Même si l’APFC fait équipe avec Netflix, l’entreprise américaine n’aura pas de droit de regard sur les scénarios en développement. Les projets ne sont pas attachés à l’entreprise même s’il en est le partenaire principal. Ils pourront ainsi être présentés à Netflix ou à d’autres diffuseurs. Le programme est entièrement géré et coordonné par l’APFC.

L’objectif est de préparer la prochaine génération de créateurs. Cet investissement provient d’une enveloppe indépendante du fonds de 500 millions $ pour l’acquisition de contenus. L’enveloppe de 25 millions $ destinée à préparer la relève sert à financer des projets comme celui qui a été annoncé cette semaine.

Depuis que Netflix s’est engagé à investir 500 millions $ dans la production de contenu au Canada, un seul projet francophone au Québec a été financé. Aucun projet émanant des régions francophones minoritaires canadiennes n’a encore été financé par Netflix.
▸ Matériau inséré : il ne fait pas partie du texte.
Lemma keys_in_step a b t : t < size S ->
  keys_in a b (st t.+1) + del_in a b t = keys_in a b (st t) + ins_in a b t.
Proof.
move=> t_lt; have [_ steps] := run_steps ran.
move: (steps t o0 t_lt); rewrite /ins_in /del_in /op_hash.
case: (nth o0 S t) => u /=.
- move=> [U [ins _]]; have [j [k [shape _]]] := insert_spec ins; clear ins.
  move: (st t.+1) (st t) shape => sg' sg shape.
  have keys := slot_sum_insert hash_range shape
                 (fun c => if c is Key k then a <= h k < b else false).
  by move: keys (ins_used shape); rewrite /keys_in; case: (sg k) => [|k'|q] //= keys _; lia.
- move=> [del _]; have [j [j_range key_j sgE]] := delete_spec del; clear del.
  move: (st t.+1) (st t) key_j sgE => sg' sg key_j sgE.
  have keys := slot_sum_update (fun c => if c is Key k then a <= h k < b else false) j_range sgE.
  by move: keys; rewrite /keys_in key_j /=; lia.
Qed.

Lemma keys_in_at a b T : T <= size S ->
  keys_in a b (st T) + \sum_(0 <= t < T) del_in a b t =
  keys_in a b sg0 + \sum_(0 <= t < T) ins_in a b t.
Proof.
elim: T => [|T IH] T_le; first by rewrite !big_geq.
rewrite !big_nat_recr //=; have := keys_in_step a b T_le; have := IH (ltnW T_le).
by rewrite /=; lia.
Qed.

Lemma keys_in_items_below (sg : state K) a b : a <= b ->
  (forall p, 1 <= p <= n -> ~~ (is_tomb (sg p) && (a <= ch (sg p) < b))) ->
  keys_in a b sg + items_below a sg = items_below b sg.
Proof.
move=> ab no_tomb; rewrite /keys_in /items_below /slot_sum -big_split /=.
apply: eq_big_nat => p p_range; have := no_tomb p p_range.
by case: (sg p) => [|k|q] //=; case: (leqP a _); case: (ltnP _ b) => //=; lia.
Qed.
(* Let $\theta:\mathbb{A}\to\mathbb{A}^\lambda$ be a primitive substitution satisfying the standing assumptions, and let $\Theta=\theta\vee\widetilde\theta:\overline{\mathcal{X}}\to\overline{\mathcal{X}}^\lambda$. Then $\Theta$ is primitive and $h(\Theta)=h(\theta)$.
   Context: Substitution $\theta:\mathbb{A}\to\mathbb{A}^\lambda$, $\lambda\ge2$; primitive: some iterate $\theta^k(a)$ contains all letters for each $a$. Standing assumptions: $\theta(a_0)_0=a_0$, $\theta$ injective on letters, subshift infinite. Height of a primitive substitution $\zeta$: $h(\zeta)=\max\{m\ge1:\gcd(m,\lambda)=1,\ m\mid\gcd\{r\ge1:v[r]=v[0]\}\}$ where $v$ is a fixed point of a suitable power of $\zeta$ (independent of choices). Let $\mathcal{X}$ be the set of $M\subset\mathbb{A}$ with $|M|=c(\theta):=\min_{k\ge1,0\le j<\lambda^k}|\{\theta^k(a)_j:a\in\mathbb{A}\}|$ and $M=\{\theta^k(a)_j:a\in\mathbb{A}\}$ for some $k\ge1$, $0\le j<\lambda^k$; $\widetilde\theta:\mathcal{X}\to\mathcal{X}^\lambda$, $\widetilde\theta(M)_j=\{\theta(a)_j:a\in M\}$. Let $\overline{\mathcal{X}}=\{(a,M):M\in\mathcal{X},\ a\in M\}$ and $\Theta(a,M)_j=(\theta(a)_j,\widetilde\theta(M)_j)$ for $0\le j<\lambda$ (this maps $\overline{\mathcal{X}}$ into $\overline{\mathcal{X}}^\lambda$). *)

From HB Require Import structures.
From mathcomp Require Import all_boot all_order ssralg ssrint.
Set Implicit Arguments. Unset Strict Implicit. Unset Printing Implicit Defensive.

(* A substitution of constant length lam on an alphabet T is a map
   z : T -> seq T with size (z a) = lam for all letters a.
   Words are seq T; z extends to words by concatenation. *)

Definition subst_word (T : Type) (z : T -> seq T) (w : seq T) : seq T :=
  flatten (map z w).

Definition subst_iter (T : Type) (z : T -> seq T) (k : nat) (w : seq T) : seq T :=
  iter k (subst_word z) w.

Definition letter_iter (T : Type) (z : T -> seq T) (k : nat) (a : T) : seq T :=
  subst_iter z k [:: a].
Ce type d’initiatives de formation pourrait justement contribuer à accroître le contenu francophone, affirme-t-on du côté de l’entreprise.
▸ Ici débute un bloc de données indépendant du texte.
(* Let $q^\star(\cdot\mid h)$ and $q_\theta(\cdot\mid h)$ be probability measures on $[0,B]$, and for $x\in[0,B]$ let $P^{\mathrm{obs}}_{h,x}$, $Q^{\mathrm{obs}}_{h,x}$ be their pushforwards under $d\mapsto(\min\{d,x\},\mathbf{1}\{d\le x\})$. Let $\eta\in(0,1]$ and let $\mu(\cdot\mid h)$ be any probability distribution on $[0,B]$ with $\mu(\{B\}\mid h)\ge\eta$. Then $$\mathrm{KL}(q^\star(\cdot\mid h)\|q_\theta(\cdot\mid h))\le\frac1\eta\,\mathbb{E}_{X\sim\mu(\cdot\mid h)}\big[\mathrm{KL}(P^{\mathrm{obs}}_{h,X}\|Q^{\mathrm{obs}}_{h,X})\big].$$
   Context: KL denotes Kullback–Leibler divergence. In the paper $q^\star,q_\theta$ are the true and learned conditional laws of the demand $D_t\in[0,B]$ given history $h$, and $\mu$ is the deployed action distribution. *)

From HB Require Import structures.
From mathcomp Require Import all_boot all_order all_algebra.
From mathcomp Require Import all_classical all_reals all_analysis.
From mathcomp Require Import measurable_realfun.
Set Implicit Arguments. Unset Strict Implicit. Unset Printing Implicit Defensive.
Import Order.TTheory GRing.Theory Num.Theory.
Local Open Scope classical_set_scope.
Local Open Scope ring_scope.

Definition KL d (T : measurableType d) (R : realType) (P Q : probability T R)
    : \bar R :=
  if `[< P `<< Q >] then
    (\int[P]_x (ln (fine (Radon_Nikodym (charge_of_finite_measure P) Q x)))%:E)%E
  else +oo%E.

Definition obs (R : realType) (x : R) (t : R) : R * bool := (Order.min t x, t <= x).

Lemma measurable_obs (R : realType) (x : R) : measurable_fun setT (@obs R x).
Proof.
apply: measurable_fun_pair.
  exact: (measurable_minr (@measurable_id _ R setT) (measurable_cst x)).
exact: (measurable_fun_ler (@measurable_id _ R setT) (measurable_cst x)).
Qed.

HB.instance Definition _ (R : realType) (x : R) :=
  isMeasurableFun.Build _ _ _ _ (@obs R x) (measurable_obs x).

Definition obs_law (R : realType) (q : probability R R) (x : R)
    : probability (R * bool)%type R :=
  distribution q (@obs R x).

From HB Require Import structures.
From mathcomp Require Import all_boot all_order all_algebra.
From mathcomp Require Import all_classical all_reals all_analysis.
From mathcomp Require Import measurable_realfun lra.
Import Order.TTheory GRing.Theory Num.Theory.
Set Implicit Arguments. Unset Strict Implicit. Unset Printing Implicit Defensive.
Local Open Scope classical_set_scope.
Local Open Scope ring_scope.

(* Every demand law in play lives on [0, B], where the observation at x = B,
   d |-> (min d B, 1{d <= B}), is just d |-> (d, true).  So it loses nothing:
   P << Q iff their observation laws are, and a density of the observation laws
   pulled back along [obs B] is a density of P w.r.t. Q.  Hence KL(q* || q_theta)
   is the observation KL at x = B.  Observation KLs are nonnegative (Gibbs), so
   their mu-integral is at least mu{B} >= eta times their value at B. *)

Section ln_inequalities.
Variable R : realType.
Implicit Type y : R.

Lemma subr1_le_mul_ln y : 0 <= y -> y - 1 <= y * ln y.
Proof.
rewrite le0r => /predU1P[->|y0]; first by rewrite mul0r sub0r lerN10.
have : - ln y <= y^-1 - 1.
  by rewrite -lnV ?posrE// -[X in ln X](subrKC 1) le_ln1Dx// ltrBrDl addrN invr_gt0.
move=> /(ler_wpM2l (ltW y0)); rewrite mulrBr mulfV ?gt_eqF// mulr1 mulrN.
lra.
Qed.

Lemma mulr_maxNln_le1 y : 0 <= y -> y * Num.max (- ln y) 0 <= 1.
Proof.
move=> y0; have := subr1_le_mul_ln y0.
rewrite /Num.max; case: ifPn => _; nra.
Qed.

Lemma addr_mulr_maxNln_le y : 0 <= y ->
  y + y * Num.max (- ln y) 0 <= y * Num.max (ln y) 0 + 1.
Proof.
move=> y0; have := subr1_le_mul_ln y0.
rewrite /Num.max; case: ifPn; case: ifPn => /=; nra.
Qed.

End ln_inequalities.

Section full_sets.
Context d (T : measurableType d) (R : realType) (P : probability T R).
Local Open Scope ereal_scope.

Lemma probability_eq1S (A S : set T) : measurable A -> measurable S ->
  A `<=` S -> P A = 1 -> P S = 1.
Proof.
move=> mA mS AS PA1; apply/le_anti; rewrite probability_le1 //= -{1}PA1.
by apply: le_measure; rewrite ?inE.
Qed.

Lemma probability_setI_eq1 (A S : set T) : measurable A -> measurable S ->
  P S = 1 -> P (A `&` S) = P A.
Proof.
move=> mA mS PS1.
have PAS0 : P (A `\` S) = 0.
  apply/eqP; rewrite eq_le measure_ge0 andbT.
  have <- : P (~` S) = 0 by rewrite probability_setC // PS1 subee.
  by apply: le_measure; rewrite ?inE //; [exact: measurableD | exact: measurableC].
transitivity (P (A `\` S) + P (A `&` S)); first by rewrite PAS0 add0e.
exact/esym/(measureDI P mA mS).
Qed.

End full_sets.

Section pushforward.
Local Open Scope ereal_scope.

Lemma integral_pushforward_measurable d1 d2 (X : measurableType d1)
    (Y : measurableType d2) (R : realType) (phi : X -> Y)
    (mu : {measure set X -> \bar R}) (f : Y -> \bar R) :
  measurable_fun setT phi -> measurable_fun setT f ->
  \int[pushforward mu phi]_y f y = \int[mu]_x f (phi x).
Proof.
move=> mphi mf.
have push (g : Y -> \bar R) : measurable_fun setT g -> (forall y, 0 <= g y) ->
    \int[pushforward mu phi]_y g y = \int[mu]_x g (phi x).
  by move=> mg g0; rewrite ge0_integral_pushforward.
rewrite [LHS]integralE [RHS]integralE !push //.
- by congr (_ - _); apply: eq_integral => x _; rewrite !(funeposE, funenegE).
- exact: measurable_funeneg.
- exact: measurable_funepos.
Qed.

End pushforward.

Section rn_density.
Context d (T : measurableType d) (R : realType) (P Q : probability T R).
Local Open Scope ereal_scope.

(* A nonnegative real version of dP/dQ; the derivative in [KL] is a charge
   derivative, only Q-a.e. equal to it. *)
Definition RN_density (x : T) : R := fine (Radon_Nikodym_SigmaFinite.f P Q x).

Hypothesis PQ : P `<< Q.

Lemma RN_densityE x : Radon_Nikodym_SigmaFinite.f P Q x = (RN_density x)%:E.
Proof. by rewrite /RN_density fineK // Radon_Nikodym_SigmaFinite.f_fin_num. Qed.

Lemma RN_density_ge0 x : (0 <= RN_density x)%R.
Proof. by rewrite -lee_fin -RN_densityE Radon_Nikodym_SigmaFinite.f_ge0. Qed.

Lemma measurable_RN_density : measurable_fun setT RN_density.
Proof.
rewrite /RN_density; apply: measurableT_comp => //.
exact: measurable_int (Radon_Nikodym_SigmaFinite.f_integrable PQ).
Qed.

Lemma RN_density_integral A :
  measurable A -> P A = \int[Q]_(x in A) (RN_density x)%:E.
Proof.
move=> mA; rewrite (Radon_Nikodym_SigmaFinite.f_integral PQ) //.
by apply: eq_integral => x _; rewrite RN_densityE.
Qed.

Lemma ge0_integral_RN_density (F : T -> \bar R) :
  (forall x, 0 <= F x) -> measurable_fun setT F ->
  \int[P]_x F x = \int[Q]_x (F x * (RN_density x)%:E).
Proof.
move=> F0 mF; rewrite -(Radon_Nikodym_SigmaFinite.change_of_variables PQ) //.
by apply: eq_integral => x _; rewrite RN_densityE.
Qed.

End rn_density.

Section kullback_leibler.
Context d (T : measurableType d) (R : realType).
Implicit Types P Q : probability T R.
Local Open Scope ereal_scope.

Lemma KL_density P Q (h : T -> R) : P `<< Q -> measurable_fun setT h ->
  (forall A, measurable A -> P A = \int[Q]_(x in A) (h x)%:E) ->
  KL P Q = \int[P]_x (ln (h x))%:E.
Proof.
move=> PQ mh hP; rewrite /KL asboolT //.
set g := Radon_Nikodym _ _.
have aeQ : ae_eq Q setT g (fun x => (h x)%:E).
  apply: integral_ae_eq => //; first exact: Radon_Nikodym_integrable.
    exact/measurable_EFinP.
  by move=> A _ mA; rewrite -hP // -Radon_Nikodym_integral.
apply: ae_eq_integral => //.
- apply/measurable_EFinP; apply: measurableT_comp => //.
  by apply: measurableT_comp => //; exact: measurable_int (Radon_Nikodym_integrable _).
- by apply/measurable_EFinP; apply: measurableT_comp.
- apply: (null_dominates_ae_eq measurableT PQ).
  by apply: filterS aeQ => x /= gx /gx ->.
Qed.

Lemma KL_RN_density P Q :
  P `<< Q -> KL P Q = \int[P]_x (ln (RN_density P Q x))%:E.
Proof.
move=> PQ; apply: KL_density => //.
  exact: measurable_RN_density.
exact: RN_density_integral.
Qed.

(* Gibbs: with g = dP/dQ, g ln g >= g - 1, and the negative part of ln g is
   P-integrable because g (ln g)^- <= 1. *)
Lemma KL_ge0 P Q : 0 <= KL P Q.
Proof.
have [PQ|nPQ] := pselect (P `<< Q); last by rewrite /KL asboolF.
have g0 := RN_density_ge0 PQ; have mg := measurable_RN_density PQ.
rewrite KL_RN_density //; set g := RN_density P Q in g0 mg *.
have mF : measurable_fun setT (fun x => (ln (g x))%:E).
  by apply/measurable_EFinP; apply: measurableT_comp.
rewrite integralE !(ge0_integral_RN_density PQ) -/g //; last 2 first.
- exact: measurable_funeneg mF.
- exact: measurable_funepos mF.
set F := fun x => (ln (g x))%:E in mF *.
have mgE : measurable_fun setT (fun x => (g x)%:E) by exact/measurable_EFinP.
have mFp : measurable_fun setT (fun x => F^\+ x * (g x)%:E).
  by apply: emeasurable_funM => //; exact: measurable_funepos.
have mFn : measurable_fun setT (fun x => F^\- x * (g x)%:E).
  by apply: emeasurable_funM => //; exact: measurable_funeneg.
have Fp0 x : 0 <= F^\+ x * (g x)%:E by rewrite mule_ge0 ?lee_fin.
have Fn0 x : 0 <= F^\- x * (g x)%:E by rewrite mule_ge0 ?lee_fin.
set pos := \int[Q]_x _; set neg := \int[Q]_x _.
have cst1 : \int[Q]_x 1 = 1 :> \bar R.
  by rewrite integral_cst // mul1e; exact: probability_setT.
have int_g : \int[Q]_x (g x)%:E = 1.
  by rewrite -RN_density_integral //; exact: probability_setT.
have neg_le1 : neg <= 1.
  rewrite -cst1; apply: ge0_le_integral => // x _.
  by rewrite funenegE -EFin_max -EFinM lee_fin mulrC mulr_maxNln_le1.
have sum_le : 1 + neg <= pos + 1.
  rewrite -{1}int_g -cst1 -!ge0_integralD //; last by move=> x _; rewrite lee_fin.
  apply: ge0_le_integral => //; try exact: emeasurable_funD.
  - by move=> x _; rewrite adde_ge0 ?lee_fin.
  move=> x _; rewrite funeposE funenegE -!EFin_max -!EFinM -!EFinD lee_fin.
  by rewrite ![(_ * g x)%R]mulrC addr_mulr_maxNln_le.
have neg_fin : neg \is a fin_num.
  by rewrite ge0_fin_numE ?(le_lt_trans neg_le1) ?ltry // integral_ge0.
move: sum_le; rewrite [pos + 1]addeC leeD2lE // => neg_le_pos.
by have -> := suber_ge0 pos neg_fin.
Qed.

End kullback_leibler.

Section integral_atom.
Context d (T : measurableType d) (R : realType) (mu : {measure set T -> \bar R}).
Local Open Scope ereal_scope.
Import HBNNSimple.

(* No measurability of [f] is required, as the integral of a nonnegative
   function is the supremum over the simple functions below it: the map
   x |-> KL (obs_law P x) (obs_law Q x) is not known to be measurable. *)
Lemma ge0_integral_ge_nnsfun (f : T -> \bar R) (h : {nnsfun T >-> R}) :
  (forall x, 0 <= f x) -> (forall x, (h x)%:E <= f x) ->
  \int[mu]_x (h x)%:E <= \int[mu]_x f x.
Proof.
move=> f0 hf; rewrite [leRHS]ge0_integralTE // [leLHS]integral_nnsfun // patch_setT.
by apply: ereal_sup_ubound; exists h.
Qed.

Lemma ge0_integral_ge_atom (f : T -> \bar R) (a : T) : measurable [set a] ->
  (forall x, 0 <= f x) -> mu [set a] * f a <= \int[mu]_x f x.
Proof.
move=> ma f0.
have lb (c : R) : (0 <= c)%R -> c%:E <= f a -> mu [set a] * c%:E <= \int[mu]_x f x.
  move=> c0 cfa; pose h := scale_nnsfun (indic_nnsfun R ma) c0.
  apply: le_trans (ge0_integral_ge_nnsfun (h := h) f0 _); last first.
    move=> x; rewrite /= mindicE; have [->|xa] := eqVneq x a.
      by rewrite mem_set // mulr1.
    by rewrite memNset ?mulr0; [exact: f0 | exact/eqP].
  under eq_integral do rewrite /= EFinM mindicE -indicE.
  rewrite ge0_integralZl //; last exact/measurable_EFinP/measurable_indic.
  by rewrite integral_indic // setIT muleC.
move: (f0 a) lb; case: (f a) => [r r0 lb| _ lb|//]; first exact: lb.
have [->|ma0] := eqVneq (mu [set a]) 0; first by rewrite mul0e integral_ge0.
have ma_gt0 : 0 < mu [set a] by rewrite lt0e ma0 measure_ge0.
rewrite gt0_muley // leye_eq; apply/eqP/eqyP => A A0.
move: ma_gt0 lb; case: (mu [set a]) => [m| |] //= m0 lb.
- rewrite lte_fin in m0.
  have := lb (A / m)%R (divr_ge0 (ltW A0) (ltW m0)) (leey _).
  by rewrite -EFinM mulrC divfK ?gt_eqF.
- have := lb 1%R ler01 (leey _); rewrite gt0_mulye ?lte_fin // leye_eq => /eqP ->.
  exact: leey.
Qed.

End integral_atom.

Section censoring.
Context (R : realType) (B : R).
Implicit Types (P Q : probability R R) (A : set R).
Local Open Scope ereal_scope.

Lemma obs_preimage_censored A :
  obs B @^-1` ((A `&` `]-oo, B]%classic) `*` [set true]) = A `&` `]-oo, B]%classic.
Proof.
apply/seteqP; split => t /=; rewrite /obs /= in_itv /=.
- by move=> [[+ _] tB]; rewrite min_l.
- by case=> At tB; rewrite min_l // in_itv /= tB.
Qed.

Lemma measurable_censored A :
  measurable A -> measurable ((A `&` `]-oo, B]%classic) `*` [set true]).
Proof. by move=> mA; apply: measurableX => //; exact: measurableI. Qed.

Lemma obs_law_censored P A : P `]-oo, B]%classic = 1 -> measurable A ->
  obs_law P B ((A `&` `]-oo, B]%classic) `*` [set true]) = P A.
Proof.
move=> PB mA; change (P (obs B @^-1` ((A `&` `]-oo, B]%classic) `*` [set true])) = P A).
rewrite obs_preimage_censored.
exact: probability_setI_eq1.
Qed.

Lemma obs_law_dominates P Q x : P `<< Q -> obs_law P x `<< obs_law Q x.
Proof.
exact: (dominates_pushforward (nu := charge_of_finite_measure P) (measurable_obs x)).
Qed.

Lemma obs_law_dominatesW P Q : P `]-oo, B]%classic = 1 -> Q `]-oo, B]%classic = 1 ->
  obs_law P B `<< obs_law Q B -> P `<< Q.
Proof.
move=> PB QB /null_content_dominatesP PQ; apply/null_content_dominatesP => A mA QA.
rewrite -obs_law_censored //; apply: PQ; first exact: measurable_censored.
by rewrite -QA; exact: obs_law_censored.
Qed.

Lemma obs_law_density P Q (h : R * bool -> R) :
  P `]-oo, B]%classic = 1 -> Q `]-oo, B]%classic = 1 ->
  measurable_fun setT h -> (forall y, (0 <= h y)%R) ->
  (forall C, measurable C -> obs_law P B C = \int[obs_law Q B]_(y in C) (h y)%:E) ->
  forall A, measurable A -> P A = \int[Q]_(x in A) (h (obs B x))%:E.
Proof.
move=> PB QB mh h0 hP A mA.
have mhE : measurable_fun setT (fun y => (h y)%:E) by exact/measurable_EFinP.
transitivity (obs_law P B ((A `&` `]-oo, B]%classic) `*` [set true])).
  by rewrite obs_law_censored.
rewrite hP; last exact: measurable_censored.
rewrite ge0_integral_pushforward //; last 3 first.
- exact: measurable_censored.
- exact: measurable_funTS.
- by move=> y _; rewrite lee_fin.
rewrite obs_preimage_censored.
rewrite [RHS](ge0_negligible_integral (N := ~` `]-oo, B]%classic)) ?setDE ?setCK //.
- exact: measurableC.
- by apply/measurable_funTS; exact: measurableT_comp mhE (measurable_obs B).
- by move=> x _; rewrite lee_fin.
- by have := probability_setC Q (measurable_itv `]-oo, B]); rewrite QB subee.
Qed.

Lemma KL_obs_law P Q : P `]-oo, B]%classic = 1 -> Q `]-oo, B]%classic = 1 ->
  KL P Q = KL (obs_law P B) (obs_law Q B).
Proof.
move=> PB QB; have [PQ|nPQ] := pselect (P `<< Q); last first.
  by rewrite /KL !asboolF // => /(obs_law_dominatesW PB QB).
have PQ' : obs_law P B `<< obs_law Q B := obs_law_dominates PQ.
set h := RN_density (obs_law P B) (obs_law Q B).
have mh : measurable_fun setT h := measurable_RN_density PQ'.
rewrite (KL_RN_density PQ') (@KL_density _ _ _ P Q (h \o obs B)) //.
- symmetry; apply: (integral_pushforward_measurable P (measurable_obs B)).
  by apply/measurable_EFinP; apply: measurableT_comp.
- exact: measurableT_comp mh (measurable_obs B).
- apply: obs_law_density => //; first exact: RN_density_ge0.
  exact: RN_density_integral.
Qed.

End censoring.

Unset Implicit Arguments.

Theorem lemmaC19 (R : realType) (B eta : R)
    (qstar qtheta mu : probability R R)
    (hqstar : qstar `[0, B]%classic = 1%E)
    (hqtheta : qtheta `[0, B]%classic = 1%E)
    (hmu : mu `[0, B]%classic = 1%E)
    (heta : 0 < eta <= 1)
    (hmuB : (eta%:E <= mu [set B])%E) :
  (KL qstar qtheta
    <= (eta^-1)%:E * \int[mu]_x KL (obs_law qstar x) (obs_law qtheta x))%E.
Proof.
have below (P : probability R R) : P `[0, B]%classic = 1%E -> P `]-oo, B]%classic = 1%E.
  by apply: probability_eq1S => // t /=; rewrite !in_itv /= => /andP[_ ->].
have eta0 : 0 < eta by case/andP: heta.
rewrite (KL_obs_law (below _ hqstar) (below _ hqtheta)) lee_pdivlMl //.
apply: le_trans (ge0_integral_ge_atom mu (measurable_set1 B) (fun x => KL_ge0 _ _)).
by apply: lee_wpmul2r => //; exact: KL_ge0.
Qed.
La directrice générale de Téléfilm Canada, Christa Dickenson, considère que ce programme de formation aidera certainement à renforcer les projets qui seront proposés aux bailleurs de fonds. Des centaines de propositions de films sont acheminées à l’organisme canadien chaque année. La compétition est très forte.

«Nous avons toujours plus de demandes que nous avons d’opportunité pour les financer et c’est normal, que ce soit d’un bout du pays ou de l’autre», a-t-elle souligné.

Avec ce nouveau programme qui vise à encourager et à soutenir la vitalité et la vivacité des talents francophones, elle estime que les chances de succès seront meilleures pour les créateurs vivant en situation minoritaire.

«Je ne pense pas qu’il va y avoir une avalanche de projets, mais les projets qui nous arrivent seront encore plus forts», a ajouté Christa Dickenson.

Les détails du programme seront dévoilés d’ici à l’automne par l’APFC.